Perhaps the most meaningful thread in this story involves the Indigenous communities who helped make the confirmation possible.

Indigenous communities in the Tambrauw and Maybrat regions of West Papua assisted scientists in identifying the animals based on their knowledge of the marsupials’ behavior and lifestyle. Their contributions were not incidental — they were essential.

These communities carried knowledge about these creatures that Western science had not yet caught up to, knowledge rooted in generations of living alongside the animals in their natural habitat.

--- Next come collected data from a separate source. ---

(* Let $D$ be an instance all of whose tuples are endogenous, let $\mathcal{Q}$ be a monotone query (defining a view $\mathcal{V}$ with $\mathcal{V}(D)=\mathcal{Q}(D)$), and let $\bar a\in\mathcal{Q}(D)$. Then for $D'\subseteq D$, we have $(D,D',\bar a)\in\mathcal{MSSEP}^{s}(\mathcal{Q})$ if and only if there is $t\in D\smallsetminus D'$ such that $t\in\mathit{Causes}(D,\mathcal{Q}(\bar a))$ and $D\smallsetminus(D'\cup\{t\})\in\mathit{Cont}(D,\mathcal{Q}(\bar a),t)$.
   Context: A query $\mathcal{Q}$ is monotone if $D_1\subseteq D_2$ implies $\mathcal{Q}(D_1)\subseteq\mathcal{Q}(D_2)$; $D\models\mathcal{Q}(\bar a)$ means $\bar a\in\mathcal{Q}(D)$. Here $D^n=D$ (all tuples endogenous). A tuple $\tau\in D^n$ is an actual cause for $\bar a$ if there is $\Gamma\subseteq D^n$ with $D\smallsetminus\Gamma\models\mathcal{Q}(\bar a)$ and $D\smallsetminus(\Gamma\cup\{\tau\})\not\models\mathcal{Q}(\bar a)$; $\mathit{Causes}(D,\mathcal{Q}(\bar a))$ is the set of actual causes. $\mathit{Cont}(D,\mathcal{Q}(\bar a),\tau)$ is the set of $\Lambda\subseteq D^n$ with $D\smallsetminus\Lambda\models\mathcal{Q}(\bar a)$, $D\smallsetminus(\Lambda\cup\{\tau\})\not\models\mathcal{Q}(\bar a)$, and $D\smallsetminus(\Lambda'\cup\{\tau\})\models\mathcal{Q}(\bar a)$ for every $\Lambda'\subsetneq\Lambda$. $\mathcal{MSSEP}^{s}(\mathcal{Q})$ is the set of triples $(D,D',\bar a)$ with $\bar a\in\mathcal{Q}(D)$, $D'\subseteq D$, $\bar a\notin\mathcal{Q}(D')$, and $D'$ subset-maximal among subsets of $D$ with this last property (minimal source-side-effect). *)

From mathcomp Require Import all_boot.
Set Implicit Arguments. Unset Strict Implicit. Unset Printing Implicit Defensive.

(* Tuples (facts) range over a finite type T; a database instance is a
   finite set of facts D : {set T}. A query Q maps an instance to the set of
   its answers: [Q D a] means D |= Q(a). All tuples are endogenous (D^n = D). *)

Definition monotone (T : finType) (Ans : Type) (Q : {set T} -> Ans -> bool) :=
  forall D1 D2 : {set T}, D1 \subset D2 -> forall a, Q D1 a -> Q D2 a.

Definition is_cause (T : finType) (Ans : Type) (Q : {set T} -> Ans -> bool)
  (D : {set T}) (a : Ans) (tau : T) : Prop :=
  tau \in D /\
  exists Gamma : {set T}, Gamma \subset D /\
    Q (D :\: Gamma) a /\ ~~ Q (D :\: (Gamma :|: [set tau])) a.

Definition Causes (T : finType) (Ans : Type) (Q : {set T} -> Ans -> bool)
  (D : {set T}) (a : Ans) : T -> Prop := is_cause Q D a.

Definition Cont (T : finType) (Ans : Type) (Q : {set T} -> Ans -> bool)
  (D : {set T}) (a : Ans) (tau : T) (Lambda : {set T}) : Prop :=
  Lambda \subset D /\
  Q (D :\: Lambda) a /\ ~~ Q (D :\: (Lambda :|: [set tau])) a /\
  forall Lambda' : {set T}, Lambda' \proper Lambda ->
    Q (D :\: (Lambda' :|: [set tau])) a.

Definition MSSEP (T : finType) (Ans : Type) (Q : {set T} -> Ans -> bool)
  (D D' : {set T}) (a : Ans) : Prop :=
  Q D a /\ D' \subset D /\ ~~ Q D' a /\
  forall D'' : {set T}, D' \subset D'' -> D'' \subset D -> ~~ Q D'' a -> D'' = D'.

From mathcomp Require Import all_boot.
Set Implicit Arguments. Unset Strict Implicit. Unset Printing Implicit Defensive.

(* Complementation X |-> D :\: X reverses inclusion among subsets of D. For
   t in D :\: D' it sends D' :|: [set t] to Lambda = D :\: (D' :|: [set t]),
   and the supersets of D' avoiding t to the subsets of Lambda. So D' is a
   maximal non-answer exactly when Lambda is a minimal contingency set for t;
   monotonicity is needed only to rule out supersets of D' containing t. *)

Lemma setD_setDK (T : finType) (D X : {set T}) : X \subset D -> D :\: (D :\: X) = X.
Proof. by move=> /setIidPr sXD; rewrite setDDr setDv set0U. Qed.

Lemma setD_setDU1K (T : finType) (D X : {set T}) (t : T) :
  X \subset D -> t \notin X -> D :\: ((D :\: (X :|: [set t])) :|: [set t]) = X.
Proof.
move=> /subsetP sXD tX; apply/setP=> y; rewrite !inE.
have [->|_] := eqVneq y t; first by rewrite (negbTE tX).
by case: (boolP (y \in X)) => [/sXD ->|_] //=; case: (y \in D).
Qed.

Lemma cont_cause (T : finType) (Ans : Type) (Q : {set T} -> Ans -> bool)
    (D : {set T}) (a : Ans) (t : T) (Lambda : {set T}) :
  t \in D -> Cont Q D a t Lambda -> Causes Q D a t.
Proof. by move=> tD [sLD [QL [nQLt _]]]; split=> //; exists Lambda. Qed.

Section MaximalNonAnswers.

Variables (T : finType) (Ans : Type) (Q : {set T} -> Ans -> bool).
Variables (D : {set T}) (a : Ans).

Definition maximal_nonanswer (D' : {set T}) :=
  forall D'' : {set T}, D' \subset D'' -> D'' \subset D -> ~~ Q D'' a -> D'' = D'.

Definition minimal_contingency (t : T) (Lambda : {set T}) :=
  forall Lambda' : {set T}, Lambda' \proper Lambda ->
    Q (D :\: (Lambda' :|: [set t])) a.

Lemma mssep_proper (D' : {set T}) : MSSEP Q D D' a -> D' \proper D.
Proof.
case=> QD [sD'D [nQD' _]]; rewrite properEneq sD'D andbT.
by apply: contraNneq nQD' => ->.
Qed.

Lemma maximal_nonanswer_setU1 (D' : {set T}) (t : T) :
  D' \subset D -> t \in D :\: D' -> maximal_nonanswer D' -> Q (D' :|: [set t]) a.
Proof.
move=> sD'D; rewrite inE => /andP [tD' tD] maxD'; apply/negPn/negP=> nQ.
have sD't : D' :|: [set t] \subset D by rewrite subUset sub1set tD sD'D.
have := maxD' _ (subsetUl _ _) sD't nQ.
by move/setP/(_ t); rewrite !inE eqxx orbT (negbTE tD').
Qed.

Lemma maximal_nonanswer_minimal_contingency (D' : {set T}) (t : T) :
  D' \subset D -> t \in D :\: D' -> maximal_nonanswer D' ->
  minimal_contingency t (D :\: (D' :|: [set t])).
Proof.
move=> sD'D; rewrite inE => /andP [tD' _] maxD' L' /properP [sL'L [x xL xL']].
apply/negPn/negP => nQ.
have sD'DL' : D' \subset D :\: (L' :|: [set t]).
  apply/subsetP=> y yD'; rewrite !inE (subsetP sD'D _ yD') andbT negb_or.
  apply/andP; split; last by apply: contraNneq tD' => <-.
  by apply: contraL yD' => /(subsetP sL'L); rewrite !inE negb_or => /andP [/andP []].
have := maxD' _ sD'DL' (subsetDl _ _) nQ.
move: xL; rewrite !inE negb_or => /andP [/andP [xD' xt] xD].
by move/setP/(_ x); rewrite !inE (negbTE xD') (negbTE xt) (negbTE xL') xD.
Qed.

Lemma minimal_contingency_maximal_nonanswer (D' : {set T}) (t : T) :
  monotone Q -> D' \subset D -> t \in D :\: D' -> Q (D' :|: [set t]) a ->
  minimal_contingency t (D :\: (D' :|: [set t])) -> maximal_nonanswer D'.
Proof.
move=> monQ sD'D; rewrite inE => /andP [tD' _] QD't minL D'' sD'D'' sD''D nQ.
have tD'' : t \notin D''.
  apply: contraNN nQ => tD''; apply: monQ QD't.
  by rewrite subUset sub1set tD'' sD'D''.
apply/eqP; rewrite eqEsubset sD'D'' andbT; apply/negPn/negP => nsD''D'.
apply: (negP nQ); rewrite -(setD_setDU1K sD''D tD'').
apply: minL; apply/properP; split; first by apply/setDS/setSU.
have [x xD'' xD'] := subsetPn nsD''D'.
exists x; last by rewrite !inE xD''.
rewrite !inE (subsetP sD''D _ xD'') (negbTE xD') andbT /=.
by apply: contraNneq tD'' => <-.
Qed.

End MaximalNonAnswers.

Theorem proposition7 (T : finType) (Ans : Type) (Q : {set T} -> Ans -> bool)
  (D : {set T}) (a : Ans) :
  monotone Q -> Q D a ->
  forall D' : {set T}, D' \subset D ->
    (MSSEP Q D D' a <->
     exists2 t, t \in D :\: D' &
       Causes Q D a t /\ Cont Q D a t (D :\: (D' :|: [set t]))).
Proof.
move=> monQ QD D' sD'D.
have sD'tD t : t \in D -> D' :|: [set t] \subset D.
  by move=> tD; rewrite subUset sub1set tD sD'D.
split.
- move=> mssep; have [_ [_ [nQD' maxD']]] := mssep.
  have /properP [_ [t tD tD']] := mssep_proper mssep.
  have tDD' : t \in D :\: D' by rewrite inE tD' tD.
  have cont : Cont Q D a t (D :\: (D' :|: [set t])).
    rewrite /Cont setD_setDK ?sD'tD // setD_setDU1K //.
    split; first exact: subsetDl.
    split; first exact: (maximal_nonanswer_setU1 sD'D tDD' maxD').
    by split=> //; apply: (maximal_nonanswer_minimal_contingency sD'D tDD').
  by exists t => //; split=> //; apply: cont_cause cont.
- case=> t tDD' [_ [_ [QD't [nQD' minL]]]].
  move: (tDD'); rewrite inE => /andP [tD' tD].
  rewrite setD_setDK ?sD'tD // in QD't.
  rewrite setD_setDU1K // in nQD'.
  split=> //; split=> //; split=> //.
  exact: minimal_contingency_maximal_nonanswer minL.
Qed.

The collaboration highlights something researchers across many disciplines have increasingly come to recognize: Indigenous ecological knowledge can be a powerful complement to formal scientific methods.

A Story Built From Unlikely Clues

The confirmation of these two species came not from a single breakthrough but from an accumulation of evidence spanning decades and continents.

Ancient teeth from an archaeological dig. A photograph recognized by the right scientist at the right moment. Preserved specimens found in a jar at a university. Pictures posted online by a curious observer. And the quiet, enduring knowledge of the people who share the forest with these animals.

Each piece of evidence, on its own, told only part of the story. Together, they confirmed that two species thought to have vanished 7,000 years ago are still out there.

In a time when headlines about the natural world often carry a heavy sense of loss — vanishing species, shrinking habitats — this discovery offers something different.

Helgen said the rediscovery demonstrates that “extinction can be averted,” adding, “It’s a message of hope, one of second chances.”

Production of this article included the use of AI. It was reviewed and edited by a team of content specialists.